Oral History of William Spencer, MD- EXCERPT
Interviewed by Melvin L. Rubin, MD, October 17, 2007

Created for the Academy Archives of the Museum of Vision


Dr. MELVIN L. RUBIN:    This is for the record. Today is October 17, 2007.  I am Melvin Rubin and I'm sitting here with Dr. William H. Spencer in a conference room at the Academy offices in San Francisco.  This interview is for the archives of the Academy's Museum of Vision.

Bill, welcome, and let's start at the beginning, something about your early life.  When and where were you born?

DR. WILLIAM SPENCER:  I was born on August 18, 1925, in New York City.

RUBIN:   Okay, who were your parents and what did they do?

WHS: My mother and father (Anna and Louis) were born and raised in Manhattan. They married in 1919 shortly after my father's discharge from the Army at the close of World War I.  He and his three brothers worked at my grandfather's furniture and decorating business in Manhattan, on Park Avenue and 86th Street.Sadly, the business failed in 1929 when the stock market crashed. My father was a good provider and our family managed to get through the "Great Depression" reasonably well. My mother was a housewife--an energetic multi-tasker who did all thehousework without having today's conveniences.  She was an avid knitter and also spent hours on her sewing machine while somehow finding time to volunteer at a variety of social service organizations.  She had a charismatic personality, and whenever we would have family gatherings on weekends, usually on Sunday for lunch, our house was the center of activity.  I have fond memories of listening to all of my uncles talk in one room, while the ladies bustled about the kitchen making the meals.  It was a good time.  My parents had been married for 69 years when my father died in 1988 at age 91. My mother lived to deliver a delightful talk – without notes - at her 100th birthday celebration a few months before her death in 1997.

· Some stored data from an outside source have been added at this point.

(* Let $(\mathcal X,R)$ be a quantum poset such that $\mathcal X$ has only finitely many atoms. Then $(\mathcal X,R)$ is a quantum cpo.
   Context: A quantum set $\mathcal X$ is a set $\mathrm{At}(\mathcal X)$ of nonzero finite-dimensional Hilbert spaces (atoms). A relation $R$ from $\mathcal X$ to $\mathcal Y$ is a choice of subspaces $R(X,Y)\subseteq L(X,Y)$ for all atoms. Composition: $(S\circ R)(X,Z)=\mathrm{span}\{sr: r\in R(X,Y), s\in S(Y,Z), Y\in\mathrm{At}(\mathcal Y)\}$; identity $I_{\mathcal X}(X,X)=\mathbb C 1_X$ and $0$ off the diagonal; adjoint $R^\dagger(Y,X)=\{r^\dagger: r\in R(X,Y)\}$; $R\le S$ entrywise inclusion; $\bigwedge$ entrywise intersection. A function $F:\mathcal X\to\mathcal Y$ is a relation with $F\circ F^\dagger\le I_{\mathcal Y}$ and $F^\dagger\circ F\ge I_{\mathcal X}$. A quantum poset is $(\mathcal X,R)$ with $I_{\mathcal X}\le R$, $R\circ R\le R$, $R\wedge R^\dagger\le I_{\mathcal X}$. For functions $F,G:\mathcal W\to\mathcal X$, $F\sqsubseteq G$ means $G\le R\circ F$. For an increasing sequence $K_1\sqsubseteq K_2\sqsubseteq\cdots:\mathcal W\to\mathcal X$, write $K_n\nearrow K_\infty$ if $K_\infty:\mathcal W\to\mathcal X$ is a function with $R\circ K_\infty=\bigwedge_{n}R\circ K_n$. $\mathbf H_d$ denotes the quantum set whose single atom is $\mathbb C^d$. A quantum poset $(\mathcal X,R)$ is a quantum cpo if for every $d\ge 1$ and every increasing sequence $K_1\sqsubseteq K_2\sqsubseteq\cdots:\mathbf H_d\to\mathcal X$ there is a function $K_\infty:\mathbf H_d\to\mathcal X$ with $K_n\nearrow K_\infty$. *)

From HB Require Import structures.
From mathcomp Require Import all_boot all_order all_algebra.
From mathcomp Require Import complex.
From mathcomp Require Import reals.
Set Implicit Arguments. Unset Strict Implicit. Unset Printing Implicit Defensive.
Import Order.TTheory GRing.Theory Num.Theory.
Local Open Scope ring_scope.

(* A quantum set with finitely many atoms: the atoms are indexed by a finite
   type; the atom with index i is the Hilbert space C^(qdim i) (standard inner
   product), which is nonzero. *)
Record qset := QSet {
  qidx :> finType;
  qdim : qidx -> nat;
  qdim_gt0 : forall i, (0 < qdim i)%N }.

Definition qH (d : nat) (hd : (0 < d)%N) : qset :=
  @QSet unit (fun _ => d) (fun _ => hd).

Section QRel.
Variable C : numClosedFieldType.

(* A relation X -> Y: for every pair of atoms (x, y) a subspace of
   L(C^(qdim x), C^(qdim y)) = 'M_(qdim y, qdim x), encoded (as in mxalgebra)
   by a square matrix whose row space is spanned by the mxvec-encodings of
   the members of the subspace. *)
Definition qrel (X Y : qset) :=
  forall (x : X) (y : Y), 'M[C]_(qdim y * qdim x).

Definition qmem (m n : nat) (A : 'M[C]_(m, n)) (S : 'M[C]_(m * n)) : Prop :=
  (mxvec A <= S)%MS.

Definition hadj (m n : nat) (A : 'M[C]_(m, n)) : 'M[C]_(n, m) :=
  (map_mx Num.conj A)^T.

(* composition: (S o R)(x, z) = span { s r | r in R(x,y), s in S(y,z), y } *)
Definition qcomp (X Y Z : qset) (S : qrel Y Z) (R : qrel X Y) : qrel X Z :=
  fun x z =>
    (\sum_(y : Y) \sum_(a < qdim y * qdim x) \sum_(b < qdim z * qdim y)
       << mxvec (vec_mx (row b (S y z)) *m vec_mx (row a (R x y))) >>)%MS.

Definition qid (X : qset) : qrel X X :=
  fun x x' => if x == x' then
                << mxvec (pid_mx (qdim x) : 'M[C]_(qdim x', qdim x)) >>%MS
              else 0.

(* adjoint relation: R^dag(y, x) = { r^dag | r in R(x, y) } *)
Definition qadj (X Y : qset) (R : qrel X Y) : qrel Y X :=
  fun y x => << \matrix_(k < qdim y * qdim x)
                   mxvec (hadj (vec_mx (row k (R x y)))) >>%MS.

Definition qle (X Y : qset) (R S : qrel X Y) : Prop :=
  forall x y, (R x y <= S x y)%MS.

Definition qmeet (X Y : qset) (R S : qrel X Y) : qrel X Y :=
  fun x y => (R x y :&: S x y)%MS.

Definition qfun (X Y : qset) (F : qrel X Y) : Prop :=
  qle (qcomp F (qadj F)) (@qid Y) /\ qle (@qid X) (qcomp (qadj F) F).

Definition qposet (X : qset) (R : qrel X X) : Prop :=
  [/\ qle (@qid X) R, qle (qcomp R R) R & qle (qmeet R (qadj R)) (@qid X)].

Definition qsqle (W X : qset) (R : qrel X X) (F G : qrel W X) : Prop :=
  qle G (qcomp R F).

Definition qbigmeet_eq (X Y : qset) (S : qrel X Y) (T : nat -> qrel X Y) : Prop :=
  forall x y (A : 'M[C]_(qdim y, qdim x)),
    qmem A (S x y) <-> (forall n, qmem A (T n x y)).

Definition qsup_lim (W X : qset) (R : qrel X X) (K : nat -> qrel W X)
  (Kinf : qrel W X) : Prop :=
  qfun Kinf /\ qbigmeet_eq (qcomp R Kinf) (fun n => qcomp R (K n)).

Definition qcpo (X : qset) (R : qrel X X) : Prop :=
  forall (d : nat) (hd : (0 < d)%N) (K : nat -> qrel (qH hd) X),
    (forall n, qfun (K n)) ->
    (forall n, qsqle R (K n) (K n.+1)) ->
    exists Kinf : qrel (qH hd) X, qsup_lim R K Kinf.

End QRel.

From HB Require Import structures.
From mathcomp Require Import all_boot all_order all_algebra.
From mathcomp Require Import complex reals.
From Stdlib Require Import Classical.

(* Let K_1 ⊑ K_2 ⊑ ... : H_d -> X be increasing and put P_n := R o K_n.
   Transitivity of R makes the sequence of relations P_n decreasing:
   P_(n+1) <= R o (R o K_n) <= (R o R) o K_n <= R o K_n.  Each P_n is a
   family of subspaces indexed by the finitely many pairs of atoms, so the
   sum of their dimensions is a nonincreasing sequence of naturals; it is
   eventually constant, and then the subspaces themselves are eventually
   constant.  If P_n is constant from N on, then P_N is the intersection of
   all the P_n, i.e. K_n ↗ K_N. *)

Set Implicit Arguments. Unset Strict Implicit. Unset Printing Implicit Defensive.
Import Order.TTheory GRing.Theory Num.Theory.
Local Open Scope ring_scope.

Section Composition.
Variable C : numClosedFieldType.

Lemma qle_refl (X Y : qset) (A : qrel C X Y) : qle A A.
Proof. by move=> x y. Qed.

Lemma qle_trans (X Y : qset) (A B D : qrel C X Y) :
  qle A B -> qle B D -> qle A D.
Proof. by move=> AB BD x y; apply: submx_trans (AB x y) (BD x y). Qed.

Lemma vec_row_mem m n (A : 'M[C]_(m * n)) k : qmem (vec_mx (row k A)) A.
Proof. by rewrite /qmem vec_mxK row_sub. Qed.

Lemma mulmx_sub_rows (m n p : nat) (v : 'rV[C]_m) (S : 'M[C]_(n, m))
    (M : 'M[C]_(m, p)) (T : 'M[C]_p) :
  (v <= S)%MS -> (forall k, row k S *m M <= T)%MS -> (v *m M <= T)%MS.
Proof.
move=> vS rowsS; apply: submx_trans (submxMr M vS) _.
by apply/row_subP => k; rewrite row_mul.
Qed.

Lemma mulmx_sub_sums (I : finType) (P : pred I) n p (A_ : I -> 'M[C]_n)
    (M : 'M[C]_(n, p)) (T : 'M[C]_p) :
  (forall i, P i -> A_ i *m M <= T)%MS -> ((\sum_(i | P i) A_ i)%MS *m M <= T)%MS.
Proof.
move=> sumsT; elim/big_rec: _ => [|i S Pi IH]; first by rewrite mul0mx sub0mx.
by rewrite addsmxMr addsmx_sub sumsT.
Qed.

Lemma qcomp_mul_sub (X Y Z : qset) (S : qrel C Y Z) (R : qrel C X Y) x z p
    (M : 'M[C]_(qdim z * qdim x, p)) (T : 'M[C]_p) :
  (forall y (a : 'I_(qdim y * qdim x)) (b : 'I_(qdim z * qdim y)),
     mxvec (vec_mx (row b (S y z)) *m vec_mx (row a (R x y))) *m M <= T)%MS ->
  (qcomp S R x z *m M <= T)%MS.
Proof.
move=> gensT; apply: mulmx_sub_sums => y _; apply: mulmx_sub_sums => a _.
by apply: mulmx_sub_sums => b _; rewrite (eqmxMr _ (genmxE _)).
Qed.

Lemma qcomp_sub (X Y Z : qset) (S : qrel C Y Z) (R : qrel C X Y) x z
    (T : 'M[C]_(qdim z * qdim x)) :
  (forall y (a : 'I_(qdim y * qdim x)) (b : 'I_(qdim z * qdim y)),
     qmem (vec_mx (row b (S y z)) *m vec_mx (row a (R x y))) T) ->
  (qcomp S R x z <= T)%MS.
Proof.
move=> gensT; rewrite -[qcomp S R x z]mulmx1.
by apply: qcomp_mul_sub => y a b; rewrite mulmx1; apply: gensT.
Qed.

Lemma qcomp_mem (X Y Z : qset) (S : qrel C Y Z) (R : qrel C X Y) x y z
    (s : 'M[C]_(qdim z, qdim y)) (r : 'M[C]_(qdim y, qdim x)) :
  qmem s (S y z) -> qmem r (R x y) -> qmem (s *m r) (qcomp S R x z).
Proof.
rewrite /qmem => sS rR.
rewrite -[s *m r]/(mulmxr r s) -mul_vec_lin.
apply: (mulmx_sub_rows sS) => b; rewrite -{1}[row b _]vec_mxK mul_vec_lin /=.
set s' := vec_mx (row b (S y z)).
rewrite -[s' *m r]/(mulmx s' r) -mul_vec_lin.
apply: (mulmx_sub_rows rR) => a; rewrite -{1}[row a _]vec_mxK mul_vec_lin /=.
apply: (sumsmx_sup y) => //; apply: (sumsmx_sup a) => //.
by apply: (sumsmx_sup b) => //; rewrite genmxE.
Qed.

Lemma qcomp_monor (X Y Z : qset) (S : qrel C Y Z) (R R' : qrel C X Y) :
  qle R R' -> qle (qcomp S R) (qcomp S R').
Proof.
move=> RR' x z; apply: qcomp_sub => y a b; apply: qcomp_mem.
  exact: vec_row_mem.
exact: submx_trans (vec_row_mem _ _) (RR' _ _).
Qed.

Lemma qcomp_monol (X Y Z : qset) (S S' : qrel C Y Z) (R : qrel C X Y) :
  qle S S' -> qle (qcomp S R) (qcomp S' R).
Proof.
move=> SS' x z; apply: qcomp_sub => y a b; apply: qcomp_mem.
  exact: submx_trans (vec_row_mem _ _) (SS' _ _).
exact: vec_row_mem.
Qed.

Lemma qcomp_assoc_sub (W X Y Z : qset) (T : qrel C Y Z) (S : qrel C X Y)
    (R : qrel C W X) :
  qle (qcomp T (qcomp S R)) (qcomp (qcomp T S) R).
Proof.
move=> w z; apply: qcomp_sub => y a b.
set t := vec_mx (row b (T y z)).
rewrite /qmem -[t *m _]/(mulmx t (vec_mx (row a (qcomp S R w y)))).
rewrite -mul_vec_lin vec_mxK; apply: submx_trans (submxMr _ (row_sub _ _)) _.
apply: qcomp_mul_sub => x a' b'; rewrite mul_vec_lin /= mulmxA.
by apply: qcomp_mem; [apply: qcomp_mem|]; apply: vec_row_mem.
Qed.

Lemma qsqle_comp_decr (W X : qset) (R : qrel C X X) (F G : qrel C W X) :
  qle (qcomp R R) R -> qsqle R F G -> qle (qcomp R G) (qcomp R F).
Proof.
move=> Rtrans FG; apply: qle_trans (qcomp_monor R FG) _.
exact: qle_trans (qcomp_assoc_sub R R F) (qcomp_monol F Rtrans).
Qed.

End Composition.

Lemma nonincn_stable (f : nat -> nat) :
  {homo f : n m / (n <= m)%N >-> (m <= n)%N} ->
  exists N, forall m, (N <= m)%N -> f m = f N.
Proof.
move=> f_dec; suff bounded: forall v n, (f n <= v)%N ->
    exists N, forall m, (N <= m)%N -> f m = f N by exact: (bounded _ 0%N (leqnn _)).
elim=> [|v IHv] n fn_le.
  by exists n => m nm; apply/eqP; rewrite eqn_leq f_dec // (leq_trans fn_le).
have [[m [nm fm_lt]] | no_drop] :=
  classic (exists m, (n <= m)%N /\ (f m < f n)%N).
  by apply: (IHv m); rewrite -ltnS (leq_trans fm_lt).
exists n => m nm; apply/eqP; rewrite eqn_leq f_dec // leqNgt.
by apply/negP => fm_lt; apply: no_drop; exists m.
Qed.

Section Stabilization.
Variable C : numClosedFieldType.

(* A decreasing sequence of relations between quantum sets with finitely
   many atoms is eventually constant: the total dimension of the subspaces
   is a nonincreasing natural number, and equal dimensions force equality. *)
Lemma qrel_decr_stable (W X : qset) (P : nat -> qrel C W X) :
  {homo P : n m / (n <= m)%N >-> qle m n} ->
  exists N, forall m, (N <= m)%N -> qle (P N) (P m).
Proof.
move=> P_dec.
pose dim n := (\sum_(p : W * X) \rank (P n p.1 p.2))%N.
have dim_dec : {homo dim : n m / (n <= m)%N >-> (m <= n)%N}.
  by move=> n m nm; apply: leq_sum => p _; apply: mxrankS (P_dec _ _ nm _ _).
have [N dim_const] := nonincn_stable dim_dec.
exists N => m Nm.
have := @leqif_sum _ xpredT (fun p => (P N p.1 p.2 <= P m p.1 p.2)%MS)
  (fun p => \rank (P m p.1 p.2)) (fun p => \rank (P N p.1 p.2))
  (fun p _ => mxrank_leqif_sup (P_dec _ _ Nm p.1 p.2)).
case=> _; rewrite -/(dim m) -/(dim N) dim_const // eqxx => /esym /forallP sub.
by move=> w x; apply: (sub (w, x)).
Qed.

End Stabilization.

Theorem mainTheorem7 (R : realType) (X : qset) (Rel : qrel R[i] X X) :
  qposet Rel -> qcpo Rel.
Proof.
move=> [_ Rel_trans _] d hd K K_fun K_incr.
pose P n := qcomp Rel (K n).
have P_dec : {homo P : n m / (n <= m)%N >-> qle m n}.
  apply: (homo_leq (r := fun A B => qle B A)) => [A|B A D|n].
  - exact: qle_refl.
  - by move=> AB BD; apply: qle_trans BD AB.
  - exact: qsqle_comp_decr Rel_trans (K_incr n).
have [N P_const] := qrel_decr_stable P_dec.
exists (K N); split=> [|x y A]; first exact: K_fun.
split=> [A_PN n | A_Pn]; last exact: A_Pn N.
have [nN | Nn] := leqP n N.
  exact: submx_trans A_PN (P_dec _ _ nN x y).
exact: submx_trans A_PN (P_const _ (ltnW Nn) x y).
Qed.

RUBIN: Did you have any siblings?

WHS: My brother (Elliott) was three and a half years older than I. He was a chemical engineer with a special interest in heat exchange technology.. He and his childhood friends were avid photographers who founded the National High School Salon of Photography while they were in high school. They prevailed upon the renowned photographers Edward Steichen and Alfred Stieglitz to judge the Salon's first exhibit – I believe the Salon still exists. Elliott died suddenly of a heart attack in 1994, while he was out on the golf course.   My sister, Sheila, who is six years younger than I, currently resides in Florida.

RUBIN: Tell us about your growing-up years in New York and your high school experience.

WHS:   New York was a wonderful place to grow up in those days.  We lived at the very northern part of the Bronx, up where it met Westchester County--a lot of open ground, golf courses and that type of thing. We could go all over the place for five cents on the subway.  I was a real city kid who took advantage of public transportation-- to go to the library or visit the museums in downtown New York. I enjoyed listening to the children's concerts conducted by Walter Damrosch on Saturday mornings at Carnegie Hall and vividly recall visiting the World's Fair in Flushing Meadows on several occasions.  New York was such a fun place to be. . .and safe, too .  A much simpler time.  My brother commuted by subway to Stuyvesant High School in lower Manhattan. . .a school sort of like M.I.T. would be at the college level.  It  offered a strong mathematics and physical science curriculum.  He ended up as a chemical engineer.   I was prepared to follow in his footsteps when a new school with a similar curriculum – the Bronx High School of Science -- started up closer to home.  I was admitted as a freshman to its first four-year class of 38 boys.  What a wonderful educational environment!   I think there have been four Nobel Prize winners from there.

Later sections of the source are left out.